Fabrigas fled to his quarters, where he found Carrofax waiting patiently. ‘Well, that seemed to go very well.’

‘Yes, what of it?’ He locked his door. ‘They had to find out sooner or later. To get to the next universe you must die in this one. I have solved the problem of death-perception.’

‘And that is how the engine works?’

‘It could be.’

‘So then why share the information? A tactical error, sir, I think.’

‘It isn’t a tactical error. It is the best available truth. I have no real idea how the engine works.’

‘And why not tell them that?’

‘Tell them that I’m taking them billions of light-years away to use a piece of technology I don’t even understand? Ridiculous. They’d laugh me off the ship.’

‘As opposed to setting you on fire and throwing you off the ship?’
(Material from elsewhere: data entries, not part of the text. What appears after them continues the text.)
Theorem lemma4p1 (K : fieldType) (E : wcurve K) (P : point K) :
  (2%:R : K) != 0 -> elliptic E -> on_curve E P ->
  [\/ irreducible_poly (delta2 E P),
      two_torsion E P,
      (exists Q : point K, on_curve E Q /\ dbl E Q = P)
    | exists (E' : wcurve K) (f : cmap K),
        [/\ elliptic E', isogeny_deg2 E' E f &
            exists Q : point K, on_curve E' Q /\ maps_to f Q P]].
Proof.
move=> two_neq0 E_ell; case: P => [_|xP yP P_on]; first by apply: Or42.
have [denom0|denom_neq0] := eqVneq (2%:R * yP + a1 E * xP + a3 E) 0.
  by apply: Or42; rewrite /two_torsion /dbl denom0 eqxx.
have eP_neq0 : eta E xP yP != 0.
  by apply: contraNneq denom_neq0 => eP0; rewrite (dbl_denomE _ two_neq0) eP0 mulr0.
have [|delta_red] := classic (irreducible_poly (delta2 E (Aff xP yP))).
  by apply: Or41.
have delta_monic : delta2 E (Aff xP yP) \is monic by rewrite delta2_quartic quartic_monic.
have delta_size : size (delta2 E (Aff xP yP)) = 5%N by rewrite delta2_quartic size_quartic.
have [[r /eqP delta_r]|[s [t [S [T split_delta]]]]] :=
  monic_quartic_reducible delta_monic delta_size delta_red.
  by apply: Or43; apply: (halve_at_delta2_root two_neq0 E_ell P_on eP_neq0 delta_r).
apply: Or44; have [rel3 rel2 rel1 rel0] := delta2_split_relations two_neq0 split_delta.
have sS : s != S.
  apply: contraNneq eP_neq0 => sS.
  have rhs_xP : rhs E xP = 0 := split_quartic_eq_cubic_root two_neq0 rel3 rel2 rel1 sS.
  move: P_on; rewrite (aff_etaE E) (on_curve_aff_eta _ two_neq0) rhs_xP.
  by rewrite expf_eq0.
have [rhs_e XQ_rel] := split_quartic_cubic_root rel3 rel2 rel1 rel0 sS.
move: rhs_e XQ_rel; set e := (t - T) / (s - S) => rhs_e XQ_rel.
apply: (two_isogenous_lift two_neq0 E_ell rhs_e P_on eP_neq0 (XQ := s + e + c2 E)).
by rewrite XQ_rel /rhs'; ring.
Qed.
Lemma card_subsets_parity n' even :
  #|[set e : {set 'I_n'.+1} | ~~ odd #|e| == even]| = (2 ^ n')%N.
Proof.
pose E b := [set e : {set 'I_n'.+1} | ~~ odd #|e| == b].
pose toggle (e : {set 'I_n'.+1}) := if ord0 \in e then e :\ ord0 else ord0 |: e.
have toggleK : involutive toggle.
  move=> e; rewrite /toggle; case: (boolP (ord0 \in e)) => e0.
    by rewrite in_setD1 eqxx /= setD1K.
  by rewrite setU11 setU1K.
have odd_toggle e : odd #|toggle e| = ~~ odd #|e|.
  rewrite /toggle; case: ifP => e0; last by rewrite cardsU1 e0.
  by rewrite [in RHS](cardsD1 ord0) e0 /= negbK.
have E_toggle b : toggle @: E b = E (~~ b).
  apply/setP => e; rewrite !inE; apply/imsetP/idP => [[e' e'b ->]|eb].
    by move: e'b; rewrite inE odd_toggle; case: b; case: odd.
  by exists (toggle e); rewrite ?toggleK // inE odd_toggle; move: eb; case: b; case: odd.
have E_eq b : #|E (~~ b)| = #|E b|.
  by rewrite -E_toggle card_imset //; apply: can_inj toggleK.
have E_sum : (#|E true| + #|E false| = 2 ^ n'.+1)%N.
  have -> : E false = ~: E true by apply/setP => e; rewrite !inE; case: odd.
  by rewrite cardsC -cardsT -powersetT card_powerset cardsT card_ord.
have E_half : #|E true| = (2 ^ n')%N.
  by move: E_sum (E_eq true); rewrite expnS /=; lia.
by case: even; [exact: E_half | rewrite -E_half -(E_eq true)].
Qed.

Lemma card_signed_pairs la mu n' even :
  #|signed_pairs la mu n' even| = (2 ^ n' * #|standard_numberings la mu n'|)%N.
Proof.
by rewrite -(card_subsets_parity n' even) -cardsX; apply: eq_card => -[e g]; rewrite !inE.
Qed.
Lemma is_lim_0_of_sqr_le (f g : R -> R) (C N : R) :
  (forall x, N <= x -> f x ^ 2 <= C * Rabs (g x)) ->
  is_lim g p_infty 0 -> is_lim f p_infty 0.
Proof.
  rewrite !is_lim_p_infty_iff. intros Hfg Hg eps Heps.
  set (C' := Rabs C + 1).
  assert (HC : C <= C') by (unfold C'; pose proof (Rle_abs C); lra).
  assert (HC' : 0 < C') by (unfold C'; pose proof (Rabs_pos C); lra).
  destruct (Hg (eps ^ 2 / C')) as [N' HN']; [apply Rdiv_lt_0_compat; nra|].
  exists (Rmax N N'). intros x Hx.
  specialize (Hfg x (Rle_trans _ _ _ (Rmax_l _ _) Hx)).
  specialize (HN' x (Rle_trans _ _ _ (Rmax_r _ _) Hx)). rewrite Rminus_0_r in HN'.
  assert (C' * Rabs (g x) < eps ^ 2).
  { apply (Rmult_lt_compat_l C') in HN'; [|lra]. field_simplify in HN'; lra. }
  rewrite Rminus_0_r, <- (pow2_abs (f x)) in *. pose proof (Rabs_pos (g x)).
  destruct (Rlt_or_le (Rabs (f x)) eps) as [Hlt|Hge]; [exact Hlt | nra].
Qed.

Section MeanValue.

Variables (f df : R -> R).
Hypothesis f_derive : forall x, is_derive f x (df x).

Lemma continuity_of_derive : continuity f.
Proof.
  intros x. apply continuity_pt_filterlim, (ex_derive_continuous f x).
  exists (df x). apply f_derive.
Qed.

Lemma increment_between (a b : R) : a <= b ->
  exists c, a <= c <= b /\ f b - f a = df c * (b - a).
Proof.
  intros Hab. destruct (MVT_gen f a b df) as [c [Hc E]].
  - intros x _. apply f_derive.
  - intros x _. apply continuity_of_derive.
  - rewrite Rmin_left, Rmax_right in Hc by lra. exists c. split; assumption.
Qed.

Lemma increment_ge (a b m : R) : a <= b ->
  (forall x, a <= x <= b -> m <= df x) -> m * (b - a) <= f b - f a.
Proof.
  intros Hab Hm. destruct (increment_between a b Hab) as [c [Hc ->]].
  apply Rmult_le_compat_r; [lra | exact (Hm c Hc)].
Qed.

Lemma Rabs_increment_le (a b M : R) : a <= b ->
  (forall x, a <= x <= b -> Rabs (df x) <= M) -> Rabs (f b - f a) <= M * (b - a).
Proof.
  intros Hab HM. destruct (increment_between a b Hab) as [c [Hc ->]].
  rewrite Rabs_mult, (Rabs_pos_eq (b - a)) by lra.
  apply Rmult_le_compat_r; [lra | exact (HM c Hc)].
Qed.

Lemma lipschitz_of_derive_bounded (L : R) :
  (forall x, Rabs (df x) <= L) -> lipschitz L f.
Proof.
  intros HL x y. destruct (Rle_or_lt x y) as [Hxy|Hxy].
  - rewrite (Rabs_pos_eq (y - x)) by lra. apply Rabs_increment_le; auto.
  - rewrite Rabs_minus_sym, (Rabs_minus_sym y), (Rabs_pos_eq (x - y)) by lra.
    apply Rabs_increment_le; [lra | auto].
Qed.

End MeanValue.

Lemma lipschitz_comp (L1 L2 : R) (f g : R -> R) : 0 <= L1 ->
  lipschitz L1 f -> lipschitz L2 g -> lipschitz (L1 * L2) (fun x => f (g x)).
Proof.
  intros HL1 Hf Hg x y. rewrite Rmult_assoc.
  eapply Rle_trans; [apply Hf | apply Rmult_le_compat_l; auto].
Qed.

Lemma lipschitz_scal (c L : R) (f : R -> R) : 0 <= c ->
  lipschitz L f -> lipschitz (c * L) (fun x => c * f x).
Proof.
  intros Hc Hf x y. rewrite <- Rmult_minus_distr_l, Rabs_mult, Rabs_pos_eq, Rmult_assoc by lra.
  apply Rmult_le_compat_l; auto.
Qed.

Lemma stays_between (f : R -> R) (a b s0 : R) : continuity f -> a < f s0 < b ->
  (forall s, s0 <= s -> f s <> a /\ f s <> b) -> forall s, s0 <= s -> a < f s < b.
Proof.
  intros Hc H0 Hab s Hs.
  assert (Hhit : forall y, Rmin (f s0) (f s) <= y <= Rmax (f s0) (f s) ->
            exists t, s0 <= t /\ f t = y).
  { intros y Hy. destruct (IVT_gen f s0 s y Hc Hy) as [t [Ht Et]].
    rewrite Rmin_left in Ht by lra. exists t. split; [lra | exact Et]. }
  destruct (Rlt_or_le a (f s)) as [Ha|Ha]; [destruct (Rlt_or_le (f s) b) as [Hb|Hb]|].
  - split; assumption.
  - destruct (Hhit b) as [t [Ht Et]].
    { split; [apply Rle_trans with (f s0); [apply Rmin_l | lra]
             | apply Rle_trans with (f s); [lra | apply Rmax_r]]. }
    exfalso. exact (proj2 (Hab t Ht) Et).
  - destruct (Hhit a) as [t [Ht Et]].
    { split; [apply Rle_trans with (f s); [apply Rmin_r | lra]
             | apply Rle_trans with (f s0); [lra | apply Rmax_l]]. }
    exfalso. exact (proj1 (Hab t Ht) Et).
Qed.
(* Choose a, b with a z1^(n)(1) + b z2^(n)(1) = 0.  Even functions satisfy
   z^(n)(-1) = (-1)^n z^(n)(1), so w = a z1 + b z2 solves the equation with
   w^(j)(±1) = 0 for all j <= n, one boundary condition more than required.
   Such a w vanishes: pairing the equation with the Rellich multiplier
   y w' + (1/2 - (n - p)) w and integrating by parts produces an energy B with
   B(±1) = 0 and B' = -p (w^(n))^2 <= 0, so B = 0, hence w^(n) = 0, and the
   boundary conditions at 1 give w = 0. *)

From Stdlib Require Import Reals Lra Lia.
Open Scope R_scope.

Lemma D_in_of_deriv_on_I f f' : deriv_on_I f f' -> forall x, inI x -> D_in f f' inI x.
Proof.
  intros H x Hx eps He.
  destruct (H x Hx eps He) as [del [Hdel Hh]].
  exists del; split; [lra|].
  intros y [[Hy Hyx] Hdist]; simpl in *; unfold R_dist in *.
  specialize (Hh (y - x)); replace (x + (y - x)) with y in Hh by ring.
  apply Hh; auto; lra.
Qed.

Lemma inI_approx x r : inI x -> 0 < r -> exists y, inI y /\ y <> x /\ Rabs (y - x) < r.
Proof.
  intros Hx Hr; unfold inI in *.
  pose proof (Rmin_l r 1); pose proof (Rmin_r r 1).
  assert (Ht : 0 < Rmin r 1) by (apply Rmin_pos; lra).
  destruct (Rle_dec x 0).
  - exists (x + Rmin r 1 / 2).
    replace (x + Rmin r 1 / 2 - x) with (Rmin r 1 / 2) by ring.
    rewrite Rabs_right; lra.
  - exists (x - Rmin r 1 / 2).
    replace (x - Rmin r 1 / 2 - x) with (- (Rmin r 1 / 2)) by ring.
    rewrite Rabs_Ropp, Rabs_right; lra.
Qed.

Lemma D_in_inI_unique f g f' g' x : inI x -> (forall y, inI y -> f y = g y) ->
  D_in f f' inI x -> D_in g g' inI x -> f' x = g' x.
Proof.
  intros Hx Hfg Hf Hg; apply cond_eq; intros eps He.
  destruct (Hf (eps / 2) ltac:(lra)) as [a1 [Ha1 H1]].
  destruct (Hg (eps / 2) ltac:(lra)) as [a2 [Ha2 H2]].
  pose proof (Rmin_l a1 a2); pose proof (Rmin_r a1 a2).
  destruct (inI_approx x (Rmin a1 a2) Hx) as [y [Hy [Hyx Hdist]]].
  { apply Rmin_pos; lra. }
  assert (Hy1 : D_x inI x y /\ R_dist y x < a1) by (split; [split|unfold R_dist]; auto; lra).
  assert (Hy2 : D_x inI x y /\ R_dist y x < a2) by (split; [split|unfold R_dist]; auto; lra).
  specialize (H1 y Hy1); specialize (H2 y Hy2); simpl in *; unfold R_dist in *.
  rewrite (Hfg y Hy), (Hfg x Hx) in H1.
  apply Rabs_def2 in H1; apply Rabs_def2 in H2; apply Rabs_def1; lra.
Qed.

Lemma D_in_inI_continuous f f' x : D_in f f' inI x -> forall eps, 0 < eps ->
  exists del, 0 < del /\ forall y, inI y -> Rabs (y - x) < del -> Rabs (f y - f x) < eps.
Proof.
  intros H eps He.
  destruct (cont_deriv _ _ _ _ H eps He) as [del [Hdel Hf]].
  exists del; split; [lra|]; intros y Hy Hyx.
  destruct (Req_dec y x) as [->|Hne].
  - rewrite Rminus_diag, Rabs_R0; lra.
  - exact (Hf y (conj (conj Hy (not_eq_sym Hne)) Hyx)).
Qed.

Lemma D_in_inI_derivable_pt_lim f f' x : D_in f f' inI x -> -1 < x < 1 ->
  derivable_pt_lim f x (f' x).
Proof.
  intros H Hx eps He; destruct (H eps He) as [alp [Halp Hf]].
  assert (Hm : 0 < Rmin alp (Rmin (1 - x) (x + 1))).
  { apply Rmin_pos; [lra|apply Rmin_pos; lra]. }
  exists (mkposreal _ Hm); intros h Hh0 Hh; simpl in Hh.
  pose proof (Rmin_l alp (Rmin (1 - x) (x + 1))).
  pose proof (Rmin_r alp (Rmin (1 - x) (x + 1))).
  pose proof (Rmin_l (1 - x) (x + 1)); pose proof (Rmin_r (1 - x) (x + 1)).
  apply Rabs_def2 in Hh.
  specialize (Hf (x + h)); simpl in Hf; unfold R_dist in Hf.
  replace (x + h - x) with h in Hf by ring.
  apply Hf; split; [split|].
  - unfold inI; lra.
  - lra.
  - apply Rabs_def1; lra.
Qed.

Section Monotonicity.

Variables f f' : R -> R.
Hypothesis f_deriv : forall x, inI x -> D_in f f' inI x.
Hypothesis f'_nonpos : forall x, inI x -> f' x <= 0.

Lemma nonincreasing_interior a b : -1 < a -> a < b -> b < 1 -> f b <= f a.
Proof.
  intros Ha Hab Hb.
  destruct (MVT_cor2 f f' a b Hab) as [c [Hc Hcab]].
  { intros c Hc; apply D_in_inI_derivable_pt_lim; [apply f_deriv; unfold inI|]; lra. }
  assert (f' c <= 0) by (apply f'_nonpos; unfold inI; lra).
  nra.
Qed.

(* Approach both endpoints from the interior and pass to the limit by continuity. *)
Lemma nonincreasing_of_deriv_nonpos x y : inI x -> inI y -> x <= y -> f y <= f x.
Proof.
  intros Hx Hy Hxy.
  destruct (Req_dec x y) as [->|Hne]; [lra|].
  destruct (Rle_lt_dec (f y) (f x)) as [|Hlt]; [assumption|exfalso].
  set (eps := (f y - f x) / 3).
  destruct (D_in_inI_continuous f f' x (f_deriv x Hx) eps ltac:(unfold eps; lra))
    as [d1 [Hd1 H1]].
  destruct (D_in_inI_continuous f f' y (f_deriv y Hy) eps ltac:(unfold eps; lra))
    as [d2 [Hd2 H2]].
  set (t := Rmin (Rmin d1 d2) ((y - x) / 2) / 2).
  assert (0 < Rmin (Rmin d1 d2) ((y - x) / 2)) by (apply Rmin_pos; [apply Rmin_pos|]; lra).
  pose proof (Rmin_l (Rmin d1 d2) ((y - x) / 2)).
  pose proof (Rmin_r (Rmin d1 d2) ((y - x) / 2)).
  pose proof (Rmin_l d1 d2); pose proof (Rmin_r d1 d2).
  unfold inI in *.
  assert (Hin : f (y - t) <= f (x + t)) by (apply nonincreasing_interior; unfold t; lra).
  assert (A1 : Rabs (f (x + t) - f x) < eps).
  { apply H1; [unfold t; lra|]; replace (x + t - x) with t by ring.
    rewrite Rabs_right; unfold t; lra. }
  assert (A2 : Rabs (f (y - t) - f y) < eps).
  { apply H2; [unfold t; lra|]; replace (y - t - y) with (- t) by ring.
    rewrite Rabs_Ropp, Rabs_right; unfold t; lra. }
  apply Rabs_def2 in A1; apply Rabs_def2 in A2; unfold eps in *; lra.
Qed.

End Monotonicity.

Lemma zero_of_deriv_zero f f' : (forall x, inI x -> D_in f f' inI x) ->
  (forall x, inI x -> f' x = 0) -> f 1 = 0 -> forall x, inI x -> f x = 0.
Proof.
  intros Hf Hf' H1 x Hx.
  assert (I1 : inI 1) by (unfold inI; lra).
  assert (x <= 1) by (unfold inI in Hx; lra).
  assert (f 1 <= f x).
  { apply (nonincreasing_of_deriv_nonpos f f'); auto.
    intros; rewrite Hf'; auto; lra. }
  assert (- f 1 <= - f x).
  { apply (nonincreasing_of_deriv_nonpos (fun y => - f y) (fun y => - f' y)); auto.
    - intros; apply Dopp; auto.
    - intros; rewrite Hf'; auto; lra. }
  lra.
Qed.

Fixpoint psum (F : nat -> R) (k : nat) : R :=
  match k with O => 0 | S k' => psum F k' + F k' end.

Lemma psum_ext F G k : (forall i, (i < k)%nat -> F i = G i) -> psum F k = psum G k.
Proof.
  induction k as [|k IH]; simpl; intros H; [reflexivity|].
  rewrite IH, H; auto; intros; apply H; lia.
Qed.

Lemma psum_telescope (a : nat -> R) k : psum (fun i => a i - a (S i)) k = a 0%nat - a k.
Proof. induction k as [|k IH]; simpl; [|rewrite IH]; ring. Qed.

Lemma psum_zero k : psum (fun _ => 0) k = 0.
Proof. induction k as [|k IH]; simpl; [|rewrite IH]; ring. Qed.

Lemma D_in_psum (F F' : nat -> R -> R) k D x :
  (forall i, (i < k)%nat -> D_in (F i) (F' i) D x) ->
  D_in (fun y => psum (fun i => F i y) k) (fun y => psum (fun i => F' i y) k) D x.
Proof.
  induction k as [|k IH]; simpl; intros H.
  - apply Dconst.
  - apply Dadd; [apply IH; intros|]; apply H; lia.
Qed.

Lemma pow_m1_sqr n : (-1) ^ n * (-1) ^ n = 1.
Proof. rewrite <- pow_add; replace (n + n)%nat with (2 * n)%nat by lia; apply pow_1_even. Qed.

Section RellichForm.

Variables (f : nat -> R -> R) (c : R).

(* For a derivative chain f of z, [multiplier_deriv i] is the i-th derivative
   of the multiplier y z' + c z. *)
Definition multiplier_deriv (i : nat) (y : R) : R :=
  y * f (S i) y + (INR i + c) * f i y.

Definition rellich_form (k : nat) (y : R) : R :=
  psum (fun i => (-1) ^ i * f (2 * k - 1 - i)%nat y * multiplier_deriv i y) k
  + (-1) ^ k / 2 * (y * (f k y * f k y)).

Lemma D_in_multiplier_deriv i x :
  D_in (f i) (f (S i)) inI x -> D_in (f (S i)) (f (S (S i))) inI x ->
  D_in (multiplier_deriv i) (multiplier_deriv (S i)) inI x.
Proof.
  intros H1 H2; unfold multiplier_deriv; eapply D_in_ext.
  2: apply Dadd; [apply Dmult; [apply Dx|exact H2]|apply Dmult_const; exact H1].
  cbv beta; rewrite S_INR; ring.
Qed.

(* Integrating [f (2k) * multiplier] by parts k times: the boundary terms
   telescope and leave a multiple of [f k ^ 2]. *)
Lemma D_in_rellich_form k x :
  (forall j, (j < 2 * k)%nat -> D_in (f j) (f (S j)) inI x) ->
  D_in (f k) (f (S k)) inI x ->
  D_in (rellich_form k)
    (fun y => f (2 * k)%nat y * multiplier_deriv 0 y
              - (-1) ^ k * (INR k + c - / 2) * (f k y * f k y)) inI x.
Proof.
  intros Hf Hk; unfold rellich_form; eapply D_in_ext; swap 1 2.
  - apply Dadd.
    + apply D_in_psum; intros i Hi.
      apply Dmult; [apply Dmult_const, Hf; lia|].
      apply D_in_multiplier_deriv; [apply Hf; lia|].
      destruct (Nat.eq_dec (S i) k) as [<-|]; [exact Hk|apply Hf; lia].
    + apply Dmult_const, Dmult; [apply Dx|apply Dmult; exact Hk].
  - cbv beta.
    set (a := fun i => (-1) ^ i * f (2 * k - i)%nat x * multiplier_deriv i x).
    rewrite (psum_ext _ (fun i => a i - a (S i))).
    + rewrite psum_telescope; unfold a; rewrite Nat.sub_0_r.
      replace (2 * k - k)%nat with k by lia.
      unfold multiplier_deriv; simpl pow; field.
    + intros i Hi; unfold a.
      replace (S (2 * k - 1 - i)) with (2 * k - i)%nat by lia.
      replace (2 * k - S i)%nat with (2 * k - 1 - i)%nat by lia.
      simpl pow; ring.
Qed.

Lemma rellich_form_eq0 k y : (forall j, (j <= k)%nat -> f j y = 0) -> rellich_form k y = 0.
Proof.
  intros H; unfold rellich_form; rewrite (psum_ext _ (fun _ => 0)).
  - rewrite psum_zero, (H k) by lia; ring.
  - intros i Hi; unfold multiplier_deriv; rewrite (H i), (H (S i)) by lia; ring.
Qed.

End RellichForm.

Lemma chain_zero_of_top_zero (d : nat -> R -> R) k :
  (forall j x, (j < k)%nat -> inI x -> D_in (d j) (d (S j)) inI x) ->
  (forall j, (j < k)%nat -> d j 1 = 0) ->
  (forall x, inI x -> d k x = 0) ->
  forall x, inI x -> d 0%nat x = 0.
Proof.
  revert d; induction k as [|k IH]; intros d Hd H1 Htop; [exact Htop|].
  apply (zero_of_deriv_zero _ (d 1%nat)).
  - intros x Hx; apply Hd; auto; lia.
  - apply (IH (fun j => d (S j))); auto.
    + intros j x Hj Hx; apply Hd; auto; lia.
    + intros j Hj; apply H1; lia.
  - apply H1; lia.
Qed.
‘Let them try me if they wish. I think they’ll find me hard to kill.’

‘As you wish. Have you figured out which one is the Queen’s spy yet?’

‘I have my suspicions,’ said the old man as he spread some papers on his desk and pretended to set to work. He really didn’t like it when Carrofax teased him.

‘I could tell you if you wished.’

‘I do not wish. If I require your assistance I will ask for it.’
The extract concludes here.